Casteel's debut book of aquatic dog photos, "Underwater Dogs," was released Oct. 23, and is currently the No. 32 overall book in Amazon's sales rankings. It's the No. 1 offering overall in the fields of photography and pets. Customer reviews, unsurprisingly, are glowing.
And it's not just monetary success that has come Casteel's way. He's also had an opportunity to have his work featured in nationally distributed magazines and television news shows, and has accepted new photographic opportunities he never would have known otherwise. Earlier in the year, he was even sent to Alaska by The New York Times Magazine to photograph the annual migration and spawning of sockeye salmon, deep in grizzly country.
"That was super flattering to be asked to be their photographer, and it was an amazing experience," he said. "It was also much different from shooting dogs in a pool. I found that salmon aren't interested in tennis balls, that's for sure. And that water is pretty chilly; I'm told it was down to 37 degrees at times."
Casteel's special skill when it comes to underwater photography was an ability he cultivated pretty much entirely on his own. He took no classes to specifically refine his ability to shoot underwater, but instead took thousands of digital shots until he learned the basics.
"The great thing about shooting in digital photography these days is that you can learn so much, so fast," he said. "When you take tens of thousands of photos, you're going to figure some things out."
At the arts council, gallery director Sue Powell was very excited to get Casteel's exhibit installed, saying that his work transcends simple "pet photography" with the unique perspectives that he can find in his canine subjects.
"He hit on something unique," Powell said. "The personality of the dogs underwater in particular is much different from what we see on land. It's a unique canine perspective. Some of them are really funny, some are dramatic, and all of the colors are just beautiful."
"Dogs" isn't quite the typical exhibition for the arts council, but Powell stresses the quality of the work and the art of getting the perfect photo, as well as the local nature of Casteel as a hometown artist. The opening reception tonight will also be used to give exposure to local animal shelters, another passion of Casteel's.
"The adoption of pets is near and dear to his heart, so local organizations like Homeward Bound and Macon County Animal Shelter will be there to speak about their organizations and have a few pets up for adoption," Powell said. "There will also be a local pet photo contest up on the third floor that Seth will be judging, and the winners will receive some signed copies of his book."

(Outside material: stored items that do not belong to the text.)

(* Let $s\ge r\ge2$, let $Q$ be an $s$-vertex $r$-graph and let $\mathcal P$ be a $Q$-flat hereditary property of $r$-graphs. Then for every $p\ge1$ and every $H\in\mathcal P$ with at least $s$ vertices, $$\lambda^{(p)}(Q,H)\le\pi(Q,\mathcal P)^{1/p}\big(s!\,\mathcal N(Q,H)\big)^{1-1/p}.$$
   Context: An $r$-graph ($r\ge 2$) is a finite hypergraph all of whose edges have exactly $r$ vertices. For $I\subseteq V(H)$, $H[I]$ denotes the induced subhypergraph on $I$. For an $s$-vertex $r$-graph $Q$ and an $r$-graph $H$, $\mathcal N(Q,H)$ is the number of (not necessarily induced) subgraphs of $H$ isomorphic to $Q$. For an $n$-vertex $r$-graph $H$ with vertex set $[n]$ and $\mathbf x\in\mathbb R^n$, $P_{Q,H}(\mathbf x)=s!\sum_{\{i_1,\dots,i_s\}\in\binom{[n]}{s}}\mathcal N(Q,H[\{i_1,\dots,i_s\}])\,x_{i_1}\cdots x_{i_s}$, and for $p\ge1$, $\lambda^{(p)}(Q,H)=\max_{\|\mathbf x\|_p=1}P_{Q,H}(\mathbf x)$. A hereditary property $\mathcal P$ of $r$-graphs is a family of $r$-graphs closed under isomorphism and under taking induced subgraphs; as a standing assumption, whenever $H\in\mathcal P$, the disjoint union of $H$ with an isolated vertex is also in $\mathcal P$. $\mathcal P_n$ is the set of members of $\mathcal P$ with $n$ vertices. $ex(Q,\mathcal P_n)=\max\{\mathcal N(Q,H):H\in\mathcal P_n\}$ and $\pi(Q,\mathcal P)=\lim_{n\to\infty}ex(Q,\mathcal P_n)/\binom ns$ (this limit exists). $\lambda^{(p)}(Q,\mathcal P_n)=\max\{\lambda^{(p)}(Q,H):H\in\mathcal P_n\}$ and $\lambda^{(p)}(Q,\mathcal P)=\lim_{n\to\infty}\lambda^{(p)}(Q,\mathcal P_n)n^{s/p-s}$ (this limit exists). $\mathcal P$ is $Q$-flat if $\lambda^{(1)}(Q,\mathcal P)=\pi(Q,\mathcal P)$. *)

From HB Require Import structures.
From mathcomp Require Import all_boot all_order all_algebra.
From mathcomp Require Import all_classical all_reals all_analysis.
Set Implicit Arguments. Unset Strict Implicit. Unset Printing Implicit Defensive.
Import Order.TTheory GRing.Theory Num.Theory numFieldNormedType.Exports.
Local Open Scope ring_scope.

(* An r-graph on vertex set [n] = 'I_n is given by its edge set. *)
Definition uniform (r n : nat) (E : {set {set 'I_n}}) : Prop :=
  forall e, e \in E -> #|e| = r.

(* The induced subgraph on the image of an injection f : [m] -> [n],
   relabelled onto [m]. *)
Definition pullback (m n : nat) (f : 'I_m -> 'I_n) (E : {set {set 'I_n}})
  : {set {set 'I_m}} := [set e : {set 'I_m} | f @: e \in E].

(* Disjoint union with an isolated vertex (the new vertex is n). *)
Definition add_isolated (n : nat) (E : {set {set 'I_n}}) : {set {set 'I_n.+1}} :=
  [set (widen_ord (leqnSn n)) @: (e : {set 'I_n}) | e in E].

Definition property := forall n : nat, {set {set 'I_n}} -> Prop.

(* Hereditary property of r-graphs (closed under isomorphism and induced
   subgraphs, both captured by pullbacks along injections), containing only
   r-graphs, and closed under adding an isolated vertex (standing assumption). *)
Definition hereditary (r : nat) (P : property) : Prop :=
  [/\ forall n E, P n E -> uniform r E,
      forall m n (f : 'I_m -> 'I_n) E, injective f -> P n E -> P m (pullback f E)
    & forall n E, P n E -> P n.+1 (add_isolated E)].

Definition induced (n : nat) (E : {set {set 'I_n}}) (I : {set 'I_n}) :=
  [set e in E | e \subset I].

(* Number of (not necessarily induced) subgraphs (V', E') of the hypergraph
   with vertex set I and edge set E that are isomorphic to Q = ([s], EQ). *)
Definition Ncount (s : nat) (EQ : {set {set 'I_s}}) (n : nat)
  (I : {set 'I_n}) (E : {set {set 'I_n}}) : nat :=
  #|[set x : {set 'I_n} * {set {set 'I_n}} |
      [&& x.1 \subset I, x.2 \subset E &
       [exists f : {ffun 'I_s -> 'I_n},
          [&& injectiveb f, f @: setT == x.1 & [set f @: (e : {set 'I_s}) | e in EQ] == x.2]]]]|.

Definition NQ (s : nat) (EQ : {set {set 'I_s}}) (n : nat) (E : {set {set 'I_n}}) :=
  Ncount EQ [set: 'I_n]%SET E.

Local Open Scope classical_set_scope.

Definition PQH {R : realType} (s : nat) (EQ : {set {set 'I_s}}) (n : nat)
  (E : {set {set 'I_n}}) (x : 'I_n -> R) : R :=
  (s`!)%:R * \sum_(I : {set 'I_n} | #|I| == s)
               (Ncount EQ I (induced E I))%:R * \prod_(i in I) x i.

Definition pnorm {R : realType} (n : nat) (p : R) (x : 'I_n -> R) : R :=
  (\sum_(i < n) `|x i| `^ p) `^ p^-1.

Definition lamH {R : realType} (s : nat) (EQ : {set {set 'I_s}}) (p : R)
  (n : nat) (E : {set {set 'I_n}}) : R :=
  sup [set PQH EQ E x | x in [set x : 'I_n -> R | pnorm p x = 1]].

Definition exQ {R : realType} (s : nat) (EQ : {set {set 'I_s}}) (P : property)
  (n : nat) : R :=
  sup [set ((NQ EQ E)%:R : R) | E in [set E | P n E]].

Definition piQ {R : realType} (s : nat) (EQ : {set {set 'I_s}}) (P : property) : R :=
  limn (fun n : nat => exQ (R:=R) EQ P n / ('C(n, s))%:R).

Definition lamPn {R : realType} (s : nat) (EQ : {set {set 'I_s}}) (P : property)
  (p : R) (n : nat) : R :=
  sup [set lamH EQ p E | E in [set E | P n E]].

Definition lamP {R : realType} (s : nat) (EQ : {set {set 'I_s}}) (P : property)
  (p : R) : R :=
  limn (fun n : nat => lamPn EQ P p n * (n%:R) `^ (s%:R / p - s%:R)).

Definition flat {R : realType} (s : nat) (EQ : {set {set 'I_s}}) (P : property) : Prop :=
  lamP (R:=R) EQ P 1 = piQ (R:=R) EQ P.

From Pilot Require Import Defs.
From HB Require Import structures.
From mathcomp Require Import all_boot all_order all_algebra.
From mathcomp Require Import all_classical all_reals all_analysis.
From mathcomp Require Import ring.
Import Defs.
Set Implicit Arguments. Unset Strict Implicit. Unset Printing Implicit Defensive.
Import Order.TTheory GRing.Theory Num.Theory numFieldNormedType.Exports.
Local Open Scope ring_scope.

(* Let ||x||_p = 1 and y_i = |x_i|^p, so that ||y||_1 = 1.  Then
   P_{Q,H}(|x|) = sum_I c_I (prod_{i in I} y_i)^(1/p) with c_I = s! N(Q, H[I]), and
   Hoelder's inequality (Jensen's, for the concave map t |-> t^(1/p)) bounds it by
   P_{Q,H}(y)^(1/p) (sum_I c_I)^(1 - 1/p).  Counting copies of Q by their vertex sets
   gives sum_I c_I <= s! N(Q, H).  Finally P_{Q,H}(y) <= lambda^(1)(Q, H), and since
   adding an isolated vertex does not decrease lambda^(1), the sequence
   lambda^(1)(Q, P_n) is nondecreasing and bounded by s!; its limit, which is
   pi(Q, P) by flatness, therefore dominates lambda^(1)(Q, H). *)

Section Copies.
Variables (s : nat) (EQ : {set {set 'I_s}}).

Definition copies n (I : {set 'I_n}) (E : {set {set 'I_n}}) :=
  [set x : {set 'I_n} * {set {set 'I_n}} |
      [&& x.1 \subset I, x.2 \subset E &
       [exists f : {ffun 'I_s -> 'I_n},
          [&& injectiveb f, f @: setT == x.1 &
              [set f @: (e : {set 'I_s}) | e in EQ] == x.2]]]].

Lemma NcountE n (I : {set 'I_n}) E : Ncount EQ I E = #|copies I E|.
Proof. by []. Qed.

Lemma card_imsetT_injective n (f : {ffun 'I_s -> 'I_n}) :
  injectiveb f -> #|f @: setT| = s.
Proof.
move/injectiveP=> f_inj; rewrite card_imset // -[RHS](card_ord s).
by apply: eq_card => k; rewrite in_setT inE.
Qed.

Lemma card_copy_vertices n (I : {set 'I_n}) E x : x \in copies I E -> #|x.1| = s.
Proof.
by rewrite inE => /and3P[_ _ /existsP[f /and3P[f_inj /eqP <- _]]]; rewrite card_imsetT_injective.
Qed.

Lemma copy_vertices_eq n (I : {set 'I_n}) E x :
  #|I| = s -> x \in copies I E -> x.1 = I.
Proof.
move=> cardI xC; apply/eqP; rewrite eqEcard cardI (card_copy_vertices xC) leqnn andbT.
by move: xC; rewrite inE => /and3P[].
Qed.

Definition injections_onto n (I : {set 'I_n}) :=
  [set f : {ffun 'I_s -> 'I_n} | injectiveb f && (f @: setT == I)].

Lemma Ncount_le_injections n (I : {set 'I_n}) E :
  #|I| = s -> (Ncount EQ I E <= #|injections_onto I|)%N.
Proof.
move=> cardI; rewrite NcountE.
pose copy_of (f : {ffun 'I_s -> 'I_n}) :=
  (f @: setT, [set f @: (e : {set 'I_s}) | e in EQ]).
apply: leq_trans (leq_imset_card copy_of _); apply: subset_leq_card.
apply/fintype.subsetP => x xC; have x1 := copy_vertices_eq cardI xC.
move: xC; rewrite inE => /and3P[_ _ /existsP[f /and3P[f_inj /eqP f1 /eqP f2]]].
apply/imsetP; exists f; first by rewrite inE f_inj f1 x1 eqxx.
by rewrite /copy_of f1 f2; case: x {x1 f1 f2}.
Qed.

Lemma sum_Ncount_induced_le n (E : {set {set 'I_n}}) :
  (\sum_(I : {set 'I_n} | #|I| == s) Ncount EQ I (induced E I) <= NQ EQ E)%N.
Proof.
rewrite /NQ NcountE -sum1_card (partition_big (fun x => x.1) predT) //=.
rewrite [X in (_ <= X)%N](bigID (fun I : {set 'I_n} => #|I| == s)) /=.
apply: leq_trans _ (leq_addr _ _); apply: leq_sum => I /eqP cardI.
rewrite NcountE sum1dep_card; apply: subset_leq_card; apply/fintype.subsetP => x xC.
rewrite inE (copy_vertices_eq cardI xC) eqxx andbT.
move: xC; rewrite !inE => /and3P[_ x2 ->]; rewrite finset.subsetT (fintype.subset_trans x2) //.
by apply/fintype.subsetP => e; rewrite inE => /andP[].
Qed.

Lemma Ncount_imset n m (g : 'I_n -> 'I_m) (E : {set {set 'I_n}}) (J : {set 'I_n}) :
  injective g ->
  (Ncount EQ J (induced E J) <=
   Ncount EQ (g @: J) (induced [set g @: (e : {set 'I_n}) | e in E] (g @: J)))%N.
Proof.
move=> g_inj; rewrite !NcountE.
pose relabel (x : {set 'I_n} * {set {set 'I_n}}) :=
  (g @: x.1, [set g @: (e : {set 'I_n}) | e in x.2]).
have relabel_inj : injective relabel.
  by move=> [a1 a2] [b1 b2] [/(imset_inj g_inj) -> /(imset_inj (imset_inj g_inj)) ->].
rewrite -(card_imset _ relabel_inj); apply: subset_leq_card.
apply/fintype.subsetP => _ /imsetP[x xC ->].
move: xC; rewrite !inE => /and3P[x1 x2 /existsP[f /and3P[f_inj /eqP f1 /eqP f2]]].
apply/and3P; split.
- exact: imsetS.
- apply/fintype.subsetP => _ /imsetP[e ex ->].
  move/fintype.subsetP: x2 => /(_ e ex); rewrite !inE => /andP[eE eJ].
  by rewrite imset_f // imsetS.
apply/existsP; exists [ffun k => g (f k)]; apply/and3P; split.
- by apply/injectiveP => a b; rewrite !ffunE => /g_inj /(injectiveP _ f_inj).
- by rewrite /= -f1 -imset_comp; apply/eqP/eq_imset => k; rewrite ffunE.
rewrite /= -f2 -imset_comp; apply/eqP/eq_imset => e /=.
by rewrite -imset_comp; apply: eq_imset => k; rewrite ffunE.
Qed.

End Copies.

Section PolynomialBounds.
Variables (R : realType) (s : nat) (EQ : {set {set 'I_s}}).

Lemma PQH_le_norm n (E : {set {set 'I_n}}) (x : 'I_n -> R) :
  PQH EQ E x <= PQH EQ E (fun i => `|x i|).
Proof.
rewrite /PQH; apply: ler_wpM2l => //; apply: ler_sum => I _.
by apply: ler_wpM2l => //; rewrite -normr_prod ler_norm.
Qed.

Lemma sum_prod_injections_onto n (I : {set 'I_n}) (y : 'I_n -> R) :
  \sum_(f in injections_onto s I) \prod_(k < s) y (f k)
    = #|injections_onto s I|%:R * \prod_(i in I) y i.
Proof.
rewrite mulr_natl -sumr_const; apply: eq_bigr => f.
rewrite inE => /andP[/injectiveP f_inj /eqP <-].
rewrite big_imset /=; last by move=> a b _ _ /f_inj.
by apply: eq_bigl => k; rewrite in_setT.
Qed.

Lemma sum_injections_onto_le n (F : {ffun 'I_s -> 'I_n} -> R) :
  (forall f, 0 <= F f) ->
  \sum_(I : {set 'I_n} | #|I| == s) \sum_(f in injections_onto s I) F f <= \sum_f F f.
Proof.
move=> F_ge0; under eq_bigr => I _ do rewrite big_mkcond /=.
rewrite exchange_big /=; apply: ler_sum => f _.
have [f_inj|f_ninj] := boolP (injectiveb f); last first.
  by rewrite big1 // => I _; rewrite inE (negbTE f_ninj).
rewrite (bigD1 (f @: setT)) /= ?card_imsetT_injective //.
rewrite inE f_inj eqxx big1 ?addr0 // => I /andP[_ nI].
by rewrite inE f_inj eq_sym (negbTE nI).
Qed.

(* Every copy of Q on an s-set I is the image of Q under an injection onto I, so the
   weighted count is dominated by the multinomial expansion of (sum_i y_i)^s. *)
Lemma sum_Ncount_prod_le n (E : {set {set 'I_n}}) (y : 'I_n -> R) :
  (forall i, 0 <= y i) ->
  \sum_(I : {set 'I_n} | #|I| == s) (Ncount EQ I (induced E I))%:R * \prod_(i in I) y i
    <= (\sum_i y i) ^+ s.
Proof.
move=> y_ge0; pose F (f : {ffun 'I_s -> 'I_n}) := \prod_(k < s) y (f k).
have -> : (\sum_i y i) ^+ s = \sum_f F f.
  by rewrite -(bigA_distr_bigA (fun _ j => y j)) /= prodr_const card_ord.
apply: le_trans (@sum_injections_onto_le n F _); last by move=> f; rewrite prodr_ge0.
apply: ler_sum => I /eqP cardI; rewrite sum_prod_injections_onto.
by rewrite ler_wpM2r ?prodr_ge0 // ler_nat Ncount_le_injections.
Qed.

Lemma pnorm1 n (x : 'I_n -> R) : pnorm 1 x = \sum_i `|x i|.
Proof.
rewrite /pnorm invr1 powRr1; last by apply: sumr_ge0 => i _; apply: powR_ge0.
by apply: eq_bigr => i _; rewrite powRr1.
Qed.

Lemma PQH_le_fact n (E : {set {set 'I_n}}) (x : 'I_n -> R) :
  pnorm 1 x = 1 -> PQH EQ E x <= s`!%:R.
Proof.
rewrite pnorm1 => x1; apply: le_trans (PQH_le_norm _ _) _.
rewrite /PQH -[leRHS]mulr1 ler_wpM2l //.
by have := sum_Ncount_prod_le E (fun i => normr_ge0 (x i)); rewrite x1 expr1n.
Qed.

Everything comes back to Casteel's overwhelming fondness for pets. In his dog subjects in particular, there is an almost infinite number of personality perspectives the photographer believes he can convey.
"Joyfulness, focused attention, passion, primal instinct; I could give you so many descriptors," he said. "People have a connection to dogs and appreciate the emotional capacity of dogs. We can't help but react."